In the next chamber, Oisin finally found his kettle. It was a round, bronze thing that Oisin filled from a jug (Pete knew better than to ask questions about the contents of the jug, or underground plumbing) and hung over a small fire that crackled away in a fireplace built into the muddy wall. Pete settled himself on a wooden chair, at a wooden table, and watched Oisin rummage in a wooden cupboard before putting perfectly ordinary-looking teabags into a couple of large mugs.

They sipped their tea together – it tasted like PG Tips – and Pete felt sleepy and pensive.

There’s just never enough time,” he said, staring into his mug. “Not enough time for Sadie. Not enough time for … anything, really. Except getting shit done.”

You can’t fight time,” Oisin replied. “If you keep trying to take everything you can get from every minute of the day, it’ll start taking things from you. Things you love. People you love. The person you are. Still, what do I know, eh? Not like I live in the real world!”

Oisin giggled, and Pete couldn’t help but smile around a mouthful of tea. His smile faded as he felt something hard and round against his tongue. He tasted metal. Cautiously, he fished his wedding ring out of his mouth, dried it on his shirt, then slipped it onto his finger. Only then did he glare at Oisin, who was looking at him like butter wouldn’t melt.

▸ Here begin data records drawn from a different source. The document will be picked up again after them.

(** Fix r > 0, let G = G_r, let Phi ([G_primitive]) be its primitive vanishing
   at 0, and let phi ([revenue_share]) be x^(N/(N-1)) / (N r^(1/(N-1))) on
   [0, r] and r / N above r.  If h and s are the highest and second highest
   values of a profile, the revenue is h G(h) - (Phi h - Phi s) = phi h + Phi s;
   as Phi >= (N-1) phi and phi is nondecreasing, it dominates sum_i phi(v_i)
   pointwise.  Integrating against any pi in Pi(F) bounds the revenue guarantee
   below by N int phi dF = L(r).

   Conversely x (1 - F x) = L(x) - int_[0,x] t^(N/(N-1)) / x^(1/(N-1)) dF.  For
   x >= d this integral is at least (d/2)^(N/(N-1)) F(]d/2, d[), which is
   positive because F has support [0,1], while prices x < d earn at most x.
   Taking d small gives sup_x x (1 - F x) < max L = L r*. *)

(* The revenue of the auction is not shown to be measurable, hence this variant
   of [ge0_le_integral]: both integrals are suprema over simple functions below
   the integrand. *)
Lemma ge0_le_integral_nonmeasurable d (T : measurableType d) (R : realType)
    (mu : {measure set T -> \bar R}) (f g : T -> \bar R) :
  (forall x, (0 <= f x)%E) -> (forall x, (f x <= g x)%E) ->
  (\int[mu]_x f x <= \int[mu]_x g x)%E.
Proof.
move=> f0 fg; have g0 x : (0 <= g x)%E := le_trans (f0 x) (fg x).
rewrite !ge0_integralE //=; apply: ereal_sup_le => _ [h hf <-].
exists h => //= x; apply: le_trans (hf x) _.
by rewrite /patch mem_set.
Qed.

Section order_statistics.
Variables (R : realType) (N : nat).
Implicit Type v : N.-tuple R.

Lemma highest_ge v i : tnth v i <= highest N v.
Proof. exact: le_bigmax. Qed.

Lemma highest_ge0 v : 0 <= highest N v.
Proof. exact: bigmax_ge_id. Qed.

Lemma second_highest_ge0 v : 0 <= second_highest N v.
Proof. exact: bigmax_ge_id. Qed.

Lemma second_highest_le v : second_highest N v <= highest N v.
Proof.
apply: bigmax_le => [|i _]; first exact: highest_ge0.
apply: bigmax_le => [|j _]; first exact: highest_ge0.
by rewrite ge_min highest_ge.
Qed.

Lemma second_highest_ge v i0 j : (forall i, tnth v i <= tnth v i0) ->
  j != i0 -> tnth v j <= second_highest N v.
Proof.
move=> i0_max ji0; apply: le_trans (le_bigmax _ _ i0).
apply: le_trans (le_bigmax_cond 0 (fun k => Num.min (tnth v i0) (tnth v k)) ji0).
by rewrite le_min i0_max lexx.
Qed.

Lemma sum_le_highest_second_highest v (f : R -> R) : (0 < N)%N ->
  {homo f : x y / x <= y} ->
  \sum_(i < N) f (tnth v i) <= f (highest N v) + (N%:R - 1) * f (second_highest N v).
Proof.
move=> N0 f_nd.
have [i0 _ i0_max] := @arg_maxP _ _ _ (Ordinal N0) xpredT (tnth v) isT.
rewrite (bigD1 i0) //= lerD ?f_nd ?highest_ge //.
apply: le_trans (_ : \sum_(j < N | j != i0) f (second_highest N v) <= _).
  by apply: ler_sum => j ji0; apply/f_nd/(second_highest_ge _ ji0) => i; exact: i0_max.
rewrite sumr_const cardC1 card_ord -[f _ *+ _]mulr_natl.
by have -> : (N.-1)%:R = N%:R - 1 :> R by rewrite -{2}(prednK N0) -natr1 addrK.
Qed.

End order_statistics.

Section power_functions.
Variable R : realType.

Lemma derivable_powRMr (e c x : R) : 0 < x ->
  derivable (fun y : R => powR y e * c) x 1.
Proof.
move=> x0; apply/derivable1_diffP/differentiableM; last exact: differentiable_cst.
by apply/derivable1_diffP/derivable_powR; rewrite in_itv /= x0.
Qed.

Lemma powRMr_derivable_oo_LRcontinuous (e c a b : R) : 0 < e -> 0 <= a -> a < b ->
  derivable_oo_LRcontinuous (fun y : R => powR y e * c) a b.
Proof.
have cont x : 0 < x -> {for x, continuous (fun y : R => powR y e * c)}.
  by move=> x0; apply/differentiable_continuous/derivable1_diffP/derivable_powRMr.
move=> e0 a0 ab; split.
- move=> x; rewrite in_itv /= => /andP[ax _]; apply: derivable_powRMr.
  exact: le_lt_trans ax.
- move: a0; rewrite le_eqVlt => /predU1P[<-|a0]; last exact/cvg_at_right_filter/cont.
  rewrite powR0 ?gt_eqF // mul0r.
  have lim0 := @cvgMr_tmp _ _ _ _ _ _ c (powR_cvg0 e0).
  by rewrite mul0r in lim0; exact: lim0.
- exact/cvg_at_left_filter/cont/(le_lt_trans a0 ab).
Qed.

End power_functions.

Section probability_on_the_line.
Variables (R : realType) (mu : probability R R).

Lemma cdf_ge0 x : 0 <= Defs.cdf mu x.
Proof. exact: fine_ge0. Qed.

Lemma cdf_le1 x : Defs.cdf mu x <= 1.
Proof. by rewrite -lee_fin fineK ?fin_num_measure ?probability_le1. Qed.

Lemma probability_itv_gt x : mu `]x, +oo[%classic = (1 - Defs.cdf mu x)%:E.
Proof.
have : (mu `]-oo, x]%classic + mu `]x, +oo[%classic = 1)%E.
  rewrite -measureU //; first by rewrite itv_setU_setT; exact: probability_setT.
  by rewrite -subset0 => y []; rewrite /= !in_itv /= andbT => yx /(le_lt_trans yx); rewrite ltxx.
rewrite /Defs.cdf -(fineK (fin_num_measure _ _ _)) //.
by rewrite -[mu `]x, +oo[%classic]fineK ?fin_num_measure // -EFinD => -[<-]; rewrite addrC addKr.
Qed.

Lemma integral_tnth_PiF N (pi : probability (N.-tuple R) R) (i : 'I_N)
    (f : R -> \bar R) :
  PiF N mu pi -> measurable_fun setT f -> (forall x, (0 <= f x)%E) ->
  (\int[pi]_v f (tnth v i) = \int[mu]_x f x)%E.
Proof.
move=> pi_mu mf f0; have mt := @measurable_tnth _ R N i.
transitivity (\int[pushforward pi (fun v => tnth v i)]_x f x)%E.
  by rewrite ge0_integral_pushforward // preimage_setT.
by apply: eq_measure_integral => A mA _; exact: pi_mu.
Qed.

End probability_on_the_line.

Section robust_auction.
Variables (R : realType) (N : nat) (mu : probability R R).
Hypothesis N_ge2 : (2 <= N)%N.

Local Notation k := (N%:R - 1 : R).
Local Notation q := (1 / (N%:R - 1) : R).
Local Notation p := (N%:R / (N%:R - 1) : R).

Let N_gt0 : (0 : R) < N%:R.
Proof. by rewrite ltr0n; case: N N_ge2. Qed.

Let k_gt0 : 0 < k.
Proof. by rewrite subr_gt0 ltr1n. Qed.

Let q_gt0 : 0 < q.
Proof. by rewrite divr_gt0. Qed.

Let p_eq : p = q + 1.
Proof. by field; rewrite gt_eqF. Qed.

Let p_gt0 : 0 < p.
Proof. by rewrite p_eq addr_gt0. Qed.

Let powR_p x : 0 <= x -> powR x p = x * powR x q.
Proof. by move=> x0; rewrite -mulr_powRB1 // p_eq addrK. Qed.

Definition L_integral (x : R) : R :=
  Rintegral mu `[0, x] (fun t => powR t p / powR x q).

Lemma L_funE x : L_fun N mu x = L_integral x + x * (1 - Defs.cdf mu x).
Proof. by []. Qed.

Lemma measurable_L_integrand x (D : set R) : measurable D ->
  measurable_fun D (fun t => powR t p / powR x q).
Proof.
by move=> mD; apply: measurable_funM => //; exact: measurable_funS (measurable_powR _).
Qed.

Lemma L_integrand_ge0 x t : 0 <= powR t p / powR x q.
Proof. by rewrite divr_ge0 ?powR_ge0. Qed.

Lemma L_integrand_le x t : 0 <= t <= x -> powR t p / powR x q <= x.
Proof.
case/andP=> t0 tx; have x0 := le_trans t0 tx.
have [->|xpos] := eqVneq x 0; first by rewrite powR0 ?gt_eqF // invr0 mulr0.
have xq_gt0 : 0 < powR x q by rewrite powR_gt0 // lt0r xpos.
rewrite ler_pdivrMr // -powR_p //.
by apply: ge0_ler_powR tx; rewrite ?nnegrE // ltW.
Qed.

Lemma L_integralE x : 0 < x ->
  (L_integral x)%:E = (\int[mu]_(t in `[0%R, x]) (powR t p / powR x q)%:E)%E.
Proof.
move=> x0; rewrite /L_integral /Rintegral fineK // ge0_fin_numE; last first.
  by apply: integral_ge0 => t _; rewrite lee_fin L_integrand_ge0.
apply: (le_lt_trans (y := (\int[mu]_(t in `[0%R, x]) (cst x%:E) t)%E)).
  apply: ge0_le_integral => //.
  - by move=> t _; rewrite lee_fin; exact: L_integrand_ge0.
  - by apply/measurable_EFinP; exact: measurable_L_integrand.
  - by move=> t; rewrite /= in_itv /= => t0x; rewrite lee_fin; exact: L_integrand_le.
by rewrite integral_cst // ltey_eq fin_numM // fin_num_measure.
Qed.

Section reserve.
Variable r : R.
Hypothesis r_gt0 : 0 < r.

Local Notation G := (G_reserve N r).

Let rq_gt0 : 0 < powR r q.
Proof. exact: powR_gt0. Qed.

Definition Gpow (x : R) : R := powR x q / powR r q.
Definition Gpow_primitive (x : R) : R := powR x p * (k / N%:R / powR r q).
Definition G_primitive (x : R) : R :=
  if x <= r then Gpow_primitive x else x - r / N%:R.

Lemma G_reserveE x : 0 <= x <= r -> G x = Gpow x.
Proof.
case/andP=> x0 xr; rewrite /G_reserve ltNge x0 /= xr /Gpow.
apply: (mulIf (lt0r_neq0 rq_gt0)).
rewrite (divfK (lt0r_neq0 rq_gt0)) -powRM ?divr_ge0 ?(ltW r_gt0) //.
by rewrite (divfK (lt0r_neq0 r_gt0)).
Qed.

Lemma G_reserve_ge0 x : 0 <= G x.
Proof. by rewrite /G_reserve; case: ifP => // _; case: ifP => // _; exact: powR_ge0. Qed.

Lemma G_reserve_le1 x : G x <= 1.
Proof.
rewrite /G_reserve; case: ifP => // x0; case: ifP => // xr.
rewrite [leRHS](_ : 1 = powR 1 q); last by rewrite powR1.
have xr0 : 0 <= x / r by rewrite divr_ge0 ?(ltW r_gt0) // leNgt x0.
apply: ge0_ler_powR; rewrite ?nnegrE ?(ltW q_gt0) //.
by rewrite ler_pdivrMr // mul1r.
Qed.

Lemma G_reserve_nd : {homo G : x y / x <= y}.
Proof.
move=> x y xy; rewrite /G_reserve.
case: ifP => x0; first by case: ifP => // _; case: ifP => // _; exact: powR_ge0.
have y0 : (y < 0) = false by apply/negbTE; rewrite -leNgt (le_trans _ xy) // leNgt x0.
rewrite y0; case: ifP => xr; last first.
  by rewrite (_ : (y <= r) = false) //; apply/negbTE; rewrite -ltNge (lt_le_trans _ xy) // ltNge xr.
case: ifP => yr; last by have := G_reserve_le1 x; rewrite /G_reserve x0 xr.
have xr0 : 0 <= x / r by rewrite divr_ge0 ?(ltW r_gt0) // leNgt x0.
have yr0 : 0 <= y / r by rewrite divr_ge0 ?(ltW r_gt0) // leNgt y0.
by apply: ge0_ler_powR; rewrite ?nnegrE ?(ltW q_gt0) ?ler_pM2r ?invr_gt0.
Qed.

Lemma measurable_G_reserve (D : set R) : measurable D -> measurable_fun D G.
Proof. by move=> mD; apply: nondecreasing_measurable G_reserve_nd. Qed.

Lemma Gpow_primitive_derive x : 0 < x -> Gpow_primitive^`()%classic x = Gpow x.
Proof.
move=> x0; rewrite /Gpow_primitive derive1Mr; last first.
  by apply: derivable_powR; rewrite in_itv /= x0.
rewrite powR_derive1 ?in_itv /= ?x0 // /Gpow p_eq addrK -p_eq.
by field; rewrite !gt_eqF.
Qed.

Lemma Gpow_primitive_r : Gpow_primitive r = r - r / N%:R.
Proof. by rewrite /Gpow_primitive powR_p ?ltW //; field; rewrite !gt_eqF. Qed.

Lemma integral_G_reserve_below a b : 0 <= a -> a <= b -> b <= r ->
  (\int[lebesgue_measure]_(x in `[a, b]) (G x)%:E =
   (Gpow_primitive b - Gpow_primitive a)%:E)%E.
Proof.
move=> a0; rewrite le_eqVlt => /predU1P[<-|ab] br.
  rewrite subrr set_itv1; apply: null_set_integral => //.
    by apply/measurable_EFinP; exact: measurable_G_reserve.
  exact: lebesgue_measure_set1.
rewrite (@eq_integral _ _ _ lebesgue_measure _ (fun x => (Gpow x)%:E)); last first.
  move=> x; rewrite inE /= in_itv /= => /andP[ax xb]; congr (_%:E); apply: G_reserveE.
  by rewrite (le_trans a0 ax) (le_trans xb br).
rewrite EFinB; apply: continuous_FTC2 => //.
- apply: derivable_oo_LRcontinuous_within.
  exact: powRMr_derivable_oo_LRcontinuous q_gt0 a0 ab.
- exact: powRMr_derivable_oo_LRcontinuous p_gt0 a0 ab.
- move=> x; rewrite in_itv /= => /andP[ax _]; apply: Gpow_primitive_derive.
  exact: le_lt_trans ax.
Qed.

Lemma integral_G_reserve_above (i : interval R) : {in i, forall x, r < x} ->
  (\int[lebesgue_measure]_(x in [set` i]) (G x)%:E = lebesgue_measure [set` i])%E.
Proof.
move=> ir; rewrite -[RHS]mul1e -integral_cst //; apply: eq_integral => x.
rewrite inE /= => /ir rx.
by rewrite /G_reserve ltNge (le_trans (ltW r_gt0) (ltW rx)) /= leNgt rx.
Qed.

Lemma integral_G_reserve a b : 0 <= a -> a <= b ->
  (\int[lebesgue_measure]_(x in `[a, b]) (G x)%:E =
   (G_primitive b - G_primitive a)%:E)%E.
Proof.
move=> a0 ab; rewrite /G_primitive.
have [br|rb] := leP b r; first by rewrite (le_trans ab br) integral_G_reserve_below.
have [ar|ra] := leP a r.
  rewrite (@itv_bndbnd_setU _ _ _ (BRight r)) ?bnd_simp ?(ltW rb) //.
  rewrite ge0_integral_setU //=; last 3 first.
  - by apply: measurableT_comp => //; apply: measurable_G_reserve; exact: measurableU.
  - by move=> x _; rewrite lee_fin; exact: G_reserve_ge0.
  - apply/disj_setPS => x [] /=; rewrite !in_itv /= => /andP[_ xr] /andP[rx _].
    by move: (lt_le_trans rx xr); rewrite ltxx.
  rewrite integral_G_reserve_below // integral_G_reserve_above; last first.
    by move=> x; rewrite in_itv /= => /andP[].
  rewrite lebesgue_measure_itv /= lte_fin rb -!EFinD Gpow_primitive_r.
  by congr (_%:E); ring.
rewrite integral_G_reserve_above; last first.
  by move=> x; rewrite in_itv /= => /andP[ax _]; apply: lt_le_trans ax.
rewrite lebesgue_measure_itv /= lte_fin.
move: ab; rewrite le_eqVlt => /predU1P[->|ab]; first by rewrite ltxx subrr.
by rewrite ab -EFinB; congr (_%:E); ring.
Qed.

Definition revenue_share (x : R) : R :=
  if x < 0 then 0
  else if x <= r then powR x p / powR r q / N%:R
  else r / N%:R.

Lemma revenue_share_ge0 x : 0 <= revenue_share x.
Proof.
rewrite /revenue_share; case: ifP => // _; case: ifP => _.
  by rewrite !divr_ge0 ?powR_ge0 ?ltW.
by rewrite divr_ge0 ?ltW.
Qed.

What? Engagement rings are always turning up in glasses of champagne. What’s so strange about a wedding ring in a cuppa?”

Pete tried to ask him if he’d had the ring with him the whole time, but no words came out. His tongue suddenly felt thick and heavy, and then his eyelids felt the same way. He looked down at his empty mug, which blurred and darkened. It took a huge effort to raise his head, and the last thing he saw in Oisin’s hoard was a smile full of pointed little teeth.


Pete woke up on top of his guitar, which was a wholly inadequate substitute for a mattress. He struggled out of the instrument’s strap and into a sitting position, and the dew from the grass soaked his trousers. He checked his left hand and saw his wedding ring shining in the sharp light of sunrise. His watch, unfortunately, had a large crack across its expensive face. But at least he was all in one piece. He hadn’t lost any parts of himself, not really.

He pulled his phone out of his pocket and called Sadie. She didn’t answer, so he left her a voicemail that promised her a crazy story. Sadie liked crazy stories – they both did.